The Medallion - Book One - The Prophecy

Sunni Morris

This is the first book in a medieval fantasy series. The story follows the lives of two sisters seperated as children.

 

This medieval fantasy follows the lives of Alana and Anwen, two sisters who enjoy their peaceful lives until raiders attack. The hamlet burned to the ground, their parents murdered, the girls are left to survive alone. The only object Anwen could rescue is a mysterious medallion which once belonged to a wizard. Raiders capture, rape and enslave Alana, ultimately selling her to another criminal. Sick and broken she finally escapes and ends up at an inn where she begins to see a glimmer of hope for a better future.

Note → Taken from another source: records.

Lemma smooth_on_partials f p : smooth_on U f -> U p -> partials_at f p.
Proof. intros H; apply (H nil). Qed.

Lemma pd_comm f p : smooth_on U f -> U p -> pd true (pd false f) p = pd false (pd true f) p.
Proof.
  intros Hf Hp; destruct p as [u v]; unfold pd; simpl.
  assert (C : forall s, continuity_2d_pt (fun a b => iterD s f (a, b)) u v).
  { intros s; apply continuity_2d_pt_filterlim.
    destruct (Hf s (u, v) Hp) as [_ [_ C]].
    eapply filterlim_ext; [|exact C]; now intros [a b]. }
  apply (Schwarz (fun a b => f (a, b)) u v);
    [| exact (C (true :: false :: nil)) | exact (C (false :: true :: nil))].
  assert (L : locally_2d (fun a b => U (a, b)) u v).
  { apply locally_2d_locally; eapply filter_imp; [|exact (U_open _ Hp)]; now intros [a b]. }
  eapply locally_2d_impl; [|exact L].
  apply locally_2d_locally, filter_forall; intros [a b] Hab.
  destruct (Hf nil (a, b) Hab) as [E1 [E2 _]].
  destruct (Hf (false :: nil) (a, b) Hab) as [F1 _].
  destruct (Hf (true :: nil) (a, b) Hab) as [_ [G2 _]].
  simpl in *; tauto.
Qed.

End Smoothness.

Ltac smooth_on_arith :=
  repeat match goal with
  | |- _ => assumption
  | |- smooth_on _ (fun q => _ + _) => apply smooth_on_plus
  | |- smooth_on _ (fun q => _ - _) => apply smooth_on_minus
  | |- smooth_on _ (fun q => _ * _) => apply smooth_on_mult
  | |- smooth_on _ (fun q => _ / _) => apply smooth_on_div
  | |- smooth_on _ (fun q => - _) => apply smooth_on_opp
  | |- smooth_on _ (fun _ => ?c) => apply smooth_on_const
  end.

Lemma V4_ext a b : c1 a = c1 b -> c2 a = c2 b -> c3 a = c3 b -> c4 a = c4 b -> a = b.
Proof. destruct a, b; simpl; intros; subst; reflexivity. Qed.

Section SmoothFields.
Variable U : R * R -> Prop.
Hypothesis U_open : open U.

Lemma smoothV_vpd b F : smoothV_on U F -> smoothV_on U (vpd b F).
Proof.
  intros [F1 [F2 [F3 F4]]]; split; [|split; [|split]]; now apply smooth_on_pd.
Qed.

Anwen struggles to her grandmother’s village where she is trained in the healing arts. Tormented by visions of her sister in the hands of the raiders, she begins to suspect the medallion has powers that will help her find Alana. The Medallion’s characters face their challenges with determination and courage. Will Anwen discover the secret behind the Medallion? Will Alana find a better life? Will the sisters be reunited? This historical fantasy of human courage in the middle ages focuses on a fascinating time in history due to upheaval that can change things in an instant. Adult fans will enjoy this story about strength and ingenuity of women from ancient times.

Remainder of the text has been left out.